- PROBLEM DETAILS
Each entry must be copied exactly, without omission.

- PROVIDED RECORDS
(* Write LG = ln o Gamma, c = ln kappa and
     LG_ratio c x = (c + LG x) / (x - 1),   gumbel_cdf E = 1 - exp (- exp E).
   Then g kappa alpha = gumbel_cdf (LG_ratio c (1 + 1/alpha)) with gumbel_cdf
   increasing, and phi kappa x is the numerator of the derivative of
   LG_ratio c at x.  Both parts thus reduce to properties of LG, all derived
   here from the integral defining Gamma:
   1. The improper integral converges for x > 0, Gamma 1 = 1,
      Gamma (x+1) = x Gamma x and Gamma x > 0.
   2. Integrating the convexity of exp (the pointwise form of Hölder's
      inequality) gives the log-convexity of Gamma.
   3. Log-convexity and the functional equation give the Bohr-Mollerup
      bounds -gamma x <= LG (1+x) <= -gamma x + o(x), so
      alpha LG (1 + 1/alpha) -> -gamma; together with LG (1+x) <= x ln 2
      this yields part (i).
   4. A convex function whose right and left difference quotients at a point
      come together is differentiable there; the functional equation forces
      this for LG, whose derivative is therefore the digamma function.
   5. By the tangent-line inequality, the zeros of phi kappa on (1, +oo) are
      global minimisers of LG_ratio (ln kappa) on (1, +oo); strict midpoint
      convexity of LG makes such a zero unique, and the minimum of the ratio
      on a compact interval, at whose ends it exceeds its value ln kappa at 2,
      is one. *)

Lemma ln_le_sub_1 y : 0 < y -> ln y <= y - 1.
Proof. intros Hy. generalize (exp_ineq1_le (ln y)). rewrite exp_ln; lra. Qed.

Lemma ln_ge_1_sub_inv z : 0 < z -> 1 - / z <= ln z.
Proof.
  intros Hz. generalize (ln_le_sub_1 (/ z) ltac:(apply Rinv_0_lt_compat; auto)).
  rewrite ln_Rinv by auto. lra.
Qed.

Lemma ln_1p_le y : 0 <= y -> ln (1 + y) <= y.
Proof. intros Hy. generalize (ln_le_sub_1 (1 + y) ltac:(lra)); lra. Qed.

Lemma ln_1p_ge y : 0 <= y -> y / (1 + y) <= ln (1 + y).
Proof.
  intros Hy. generalize (ln_ge_1_sub_inv (1 + y) ltac:(lra)).
  replace (1 - / (1 + y)) with (y / (1 + y)) by (field; lra). auto.
Qed.

Lemma exp_le_compat x y : x <= y -> exp x <= exp y.
Proof. intros [H|H]. left; apply exp_increasing; auto. subst; lra. Qed.

(* Two-point convexity of exp; integrated, it becomes Hölder's inequality. *)
Lemma exp_convex l p q : 0 <= l <= 1 ->
  exp (l * p + (1 - l) * q) <= l * exp p + (1 - l) * exp q.
Proof.
  intros Hl. set (m := l * p + (1 - l) * q).
  assert (Ep : exp p = exp m * exp (p - m)) by (rewrite <- exp_plus; f_equal; ring).
  assert (Eq : exp q = exp m * exp (q - m)) by (rewrite <- exp_plus; f_equal; ring).
  (* both exponentials lie above the tangent of exp at m *)
  generalize (exp_ineq1_le (p - m)) (exp_ineq1_le (q - m)) (exp_pos m). intros Tp Tq Hm.
  rewrite Ep, Eq.
  assert (l * (exp m * exp (p - m)) >= l * (exp m * (1 + (p - m)))).
  { apply Rle_ge, Rmult_le_compat_l; [lra|]. apply Rmult_le_compat_l; lra. }
  assert ((1 - l) * (exp m * exp (q - m)) >= (1 - l) * (exp m * (1 + (q - m)))).
  { apply Rle_ge, Rmult_le_compat_l; [lra|]. apply Rmult_le_compat_l; lra. }
  assert (l * (exp m * (1 + (p - m))) + (1 - l) * (exp m * (1 + (q - m))) = exp m)
    by (unfold m; ring).
  lra.
Qed.

Lemma div_le_cross u v p q : 0 < p -> 0 < q -> u * q <= v * p -> u / p <= v / q.
Proof.
  intros Hp Hq H. apply (Rmult_le_reg_r (p * q)). nra.
  replace (u / p * (p * q)) with (u * q) by (field; lra).
  replace (v / q * (p * q)) with (v * p) by (field; lra). auto.
Qed.

Lemma nat_large A : exists m : nat, A < INR (S m).
Proof.
  destruct (archimed (Rmax A 0)) as [H1 H2].
  assert (H0 : 0 <= Rmax A 0) by apply Rmax_r.
  assert (Hup : (0 < up (Rmax A 0))%Z) by (apply lt_0_IZR; lra).
  exists (Z.to_nat (up (Rmax A 0))).
  rewrite S_INR, INR_IZR_INZ, Z2Nat.id by lia.
  generalize (Rmax_l A 0). lra.
Qed.

Lemma locally_pos z : 0 < z -> locally z (fun y => 0 < y).
Proof.
  intros Hz. exists (mkposreal z Hz). intros y Hy.
  change (Rabs (y - z) < z) in Hy. apply Rabs_def2 in Hy. lra.
Qed.

Lemma eventually_0_infty (P : R * R -> Prop) :
  (forall a b, 0 < a < 1 -> 1 < b -> P (a, b)) ->
  filter_prod (at_right 0) (Rbar_locally p_infty) P.
Proof.
  intros H. apply Filter_prod with (fun a => 0 < a < 1) (fun b => 1 < b).
  - exists (mkposreal 1 Rlt_0_1). intros y Hy Hy0. split; auto.
    change (Rabs (y - 0) < 1) in Hy. rewrite Rminus_0_r, Rabs_right in Hy; lra.
  - exists 1. auto.
  - intros a b Ha Hb. apply H; auto.
Qed.

Lemma proper_at_right_0 : ProperFilter' (at_right 0).
Proof. apply Proper_StrongProper, at_right_proper_filter. Qed.

Lemma proper_p_infty : ProperFilter' (Rbar_locally p_infty).
Proof. apply Proper_StrongProper, Rbar_locally_filter. Qed.

Lemma is_RInt_gen_0_infty_unique (f : R -> R) (l1 l2 : R) :
  is_RInt_gen f (at_right 0) (Rbar_locally p_infty) l1 ->
  is_RInt_gen f (at_right 0) (Rbar_locally p_infty) l2 -> l1 = l2.
Proof.
  intros H1 H2.
  rewrite <- (is_RInt_gen_unique (V:=R_CompleteNormedModule)
               (FFa:=proper_at_right_0) (FFb:=proper_p_infty) _ _ H1).
  exact (is_RInt_gen_unique (V:=R_CompleteNormedModule)
           (FFa:=proper_at_right_0) (FFb:=proper_p_infty) _ _ H2).
Qed.

Lemma is_RInt_gen_antiderivative (F f : R -> R) (la lb : R) :
  (forall t, 0 < t -> is_derive F t (f t)) ->
  (forall t, 0 < t -> continuous f t) ->
  filterlim F (at_right 0) (locally la) ->
  filterlim F (Rbar_locally p_infty) (locally lb) ->
  is_RInt_gen f (at_right 0) (Rbar_locally p_infty) (lb - la).
Proof.
  intros HF Hf L0 Linf.
  assert (HD : forall t, 0 < t -> Derive F t = f t) by (intros; apply is_derive_unique; auto).
  apply (is_RInt_gen_ext (Derive F)).
  { apply eventually_0_infty. intros a b Ha Hb t Ht. simpl in Ht.
    rewrite Rmin_left in Ht by lra. apply HD; lra. }
  apply is_RInt_gen_Derive; auto.
  - apply eventually_0_infty. intros a b Ha Hb t Ht. simpl in Ht.
    rewrite Rmin_left in Ht by lra. exists (f t). apply HF. lra.
  - apply eventually_0_infty. intros a b Ha Hb t Ht. simpl in Ht.
    rewrite Rmin_left in Ht by lra.
    apply (continuous_ext_loc _ f); [|apply Hf; lra].
    apply (filter_imp (fun y => 0 < y)); [|apply locally_pos; lra].
    intros y Hy. symmetry; apply HD; auto.
Qed.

- RESPONSE TO THIS EXERCISE
(* Write LG = ln o Gamma, c = ln kappa and
     LG_ratio c x = (c + LG x) / (x - 1),   gumbel_cdf E = 1 - exp (- exp E).
   Then g kappa alpha = gumbel_cdf (LG_ratio c (1 + 1/alpha)) with gumbel_cdf
   increasing, and phi kappa x is the numerator of the derivative of
   LG_ratio c at x.  Both parts thus reduce to properties of LG, all derived
   here from the integral defining Gamma:
   1. The improper integral converges for x > 0, Gamma 1 = 1,
      Gamma (x+1) = x Gamma x and Gamma x > 0.
   2. Integrating the convexity of exp (the pointwise form of Hölder's
      inequality) gives the log-convexity of Gamma.
   3. Log-convexity and the functional equation give the Bohr-Mollerup
      bounds -gamma x <= LG (1+x) <= -gamma x + o(x), so
      alpha LG (1 + 1/alpha) -> -gamma; together with LG (1+x) <= x ln 2
      this yields part (i).
   4. A convex function whose right and left difference quotients at a point
      come together is differentiable there; the functional equation forces
      this for LG, whose derivative is therefore the digamma function.
   5. By the tangent-line inequality, the zeros of phi kappa on (1, +oo) are
      global minimisers of LG_ratio (ln kappa) on (1, +oo); strict midpoint
      convexity of LG makes such a zero unique, and the minimum of the ratio
      on a compact interval, at whose ends it exceeds its value ln kappa at 2,
      is one. *)

Lemma ln_le_sub_1 y : 0 < y -> ln y <= y - 1.
Proof. intros Hy. generalize (exp_ineq1_le (ln y)). rewrite exp_ln; lra. Qed.

Lemma ln_ge_1_sub_inv z : 0 < z -> 1 - / z <= ln z.
Proof.
  intros Hz. generalize (ln_le_sub_1 (/ z) ltac:(apply Rinv_0_lt_compat; auto)).
  rewrite ln_Rinv by auto. lra.
Qed.

Lemma ln_1p_le y : 0 <= y -> ln (1 + y) <= y.
Proof. intros Hy. generalize (ln_le_sub_1 (1 + y) ltac:(lra)); lra. Qed.

Lemma ln_1p_ge y : 0 <= y -> y / (1 + y) <= ln (1 + y).
Proof.
  intros Hy. generalize (ln_ge_1_sub_inv (1 + y) ltac:(lra)).
  replace (1 - / (1 + y)) with (y / (1 + y)) by (field; lra). auto.
Qed.

Lemma exp_le_compat x y : x <= y -> exp x <= exp y.
Proof. intros [H|H]. left; apply exp_increasing; auto. subst; lra. Qed.

(* Two-point convexity of exp; integrated, it becomes Hölder's inequality. *)
Lemma exp_convex l p q : 0 <= l <= 1 ->
  exp (l * p + (1 - l) * q) <= l * exp p + (1 - l) * exp q.
Proof.
  intros Hl. set (m := l * p + (1 - l) * q).
  assert (Ep : exp p = exp m * exp (p - m)) by (rewrite <- exp_plus; f_equal; ring).
  assert (Eq : exp q = exp m * exp (q - m)) by (rewrite <- exp_plus; f_equal; ring).
  (* both exponentials lie above the tangent of exp at m *)
  generalize (exp_ineq1_le (p - m)) (exp_ineq1_le (q - m)) (exp_pos m). intros Tp Tq Hm.
  rewrite Ep, Eq.
  assert (l * (exp m * exp (p - m)) >= l * (exp m * (1 + (p - m)))).
  { apply Rle_ge, Rmult_le_compat_l; [lra|]. apply Rmult_le_compat_l; lra. }
  assert ((1 - l) * (exp m * exp (q - m)) >= (1 - l) * (exp m * (1 + (q - m)))).
  { apply Rle_ge, Rmult_le_compat_l; [lra|]. apply Rmult_le_compat_l; lra. }
  assert (l * (exp m * (1 + (p - m))) + (1 - l) * (exp m * (1 + (q - m))) = exp m)
    by (unfold m; ring).
  lra.
Qed.

Lemma div_le_cross u v p q : 0 < p -> 0 < q -> u * q <= v * p -> u / p <= v / q.
Proof.
  intros Hp Hq H. apply (Rmult_le_reg_r (p * q)). nra.
  replace (u / p * (p * q)) with (u * q) by (field; lra).
  replace (v / q * (p * q)) with (v * p) by (field; lra). auto.
Qed.

Lemma nat_large A : exists m : nat, A < INR (S m).
Proof.
  destruct (archimed (Rmax A 0)) as [H1 H2].
  assert (H0 : 0 <= Rmax A 0) by apply Rmax_r.
  assert (Hup : (0 < up (Rmax A 0))%Z) by (apply lt_0_IZR; lra).
  exists (Z.to_nat (up (Rmax A 0))).
  rewrite S_INR, INR_IZR_INZ, Z2Nat.id by lia.
  generalize (Rmax_l A 0). lra.
Qed.

Lemma locally_pos z : 0 < z -> locally z (fun y => 0 < y).
Proof.
  intros Hz. exists (mkposreal z Hz). intros y Hy.
  change (Rabs (y - z) < z) in Hy. apply Rabs_def2 in Hy. lra.
Qed.

Lemma eventually_0_infty (P : R * R -> Prop) :
  (forall a b, 0 < a < 1 -> 1 < b -> P (a, b)) ->
  filter_prod (at_right 0) (Rbar_locally p_infty) P.
Proof.
  intros H. apply Filter_prod with (fun a => 0 < a < 1) (fun b => 1 < b).
  - exists (mkposreal 1 Rlt_0_1). intros y Hy Hy0. split; auto.
    change (Rabs (y - 0) < 1) in Hy. rewrite Rminus_0_r, Rabs_right in Hy; lra.
  - exists 1. auto.
  - intros a b Ha Hb. apply H; auto.
Qed.

Lemma proper_at_right_0 : ProperFilter' (at_right 0).
Proof. apply Proper_StrongProper, at_right_proper_filter. Qed.

Lemma proper_p_infty : ProperFilter' (Rbar_locally p_infty).
Proof. apply Proper_StrongProper, Rbar_locally_filter. Qed.

Lemma is_RInt_gen_0_infty_unique (f : R -> R) (l1 l2 : R) :
  is_RInt_gen f (at_right 0) (Rbar_locally p_infty) l1 ->
  is_RInt_gen f (at_right 0) (Rbar_locally p_infty) l2 -> l1 = l2.
Proof.
  intros H1 H2.
  rewrite <- (is_RInt_gen_unique (V:=R_CompleteNormedModule)
               (FFa:=proper_at_right_0) (FFb:=proper_p_infty) _ _ H1).
  exact (is_RInt_gen_unique (V:=R_CompleteNormedModule)
           (FFa:=proper_at_right_0) (FFb:=proper_p_infty) _ _ H2).
Qed.

Lemma is_RInt_gen_antiderivative (F f : R -> R) (la lb : R) :
  (forall t, 0 < t -> is_derive F t (f t)) ->
  (forall t, 0 < t -> continuous f t) ->
  filterlim F (at_right 0) (locally la) ->
  filterlim F (Rbar_locally p_infty) (locally lb) ->
  is_RInt_gen f (at_right 0) (Rbar_locally p_infty) (lb - la).
Proof.
  intros HF Hf L0 Linf.
  assert (HD : forall t, 0 < t -> Derive F t = f t) by (intros; apply is_derive_unique; auto).
  apply (is_RInt_gen_ext (Derive F)).
  { apply eventually_0_infty. intros a b Ha Hb t Ht. simpl in Ht.
    rewrite Rmin_left in Ht by lra. apply HD; lra. }
  apply is_RInt_gen_Derive; auto.
  - apply eventually_0_infty. intros a b Ha Hb t Ht. simpl in Ht.
    rewrite Rmin_left in Ht by lra. exists (f t). apply HF. lra.
  - apply eventually_0_infty. intros a b Ha Hb t Ht. simpl in Ht.
    rewrite Rmin_left in Ht by lra.
    apply (continuous_ext_loc _ f); [|apply Hf; lra].
    apply (filter_imp (fun y => 0 < y)); [|apply locally_pos; lra].
    intros y Hy. symmetry; apply HD; auto.
Qed.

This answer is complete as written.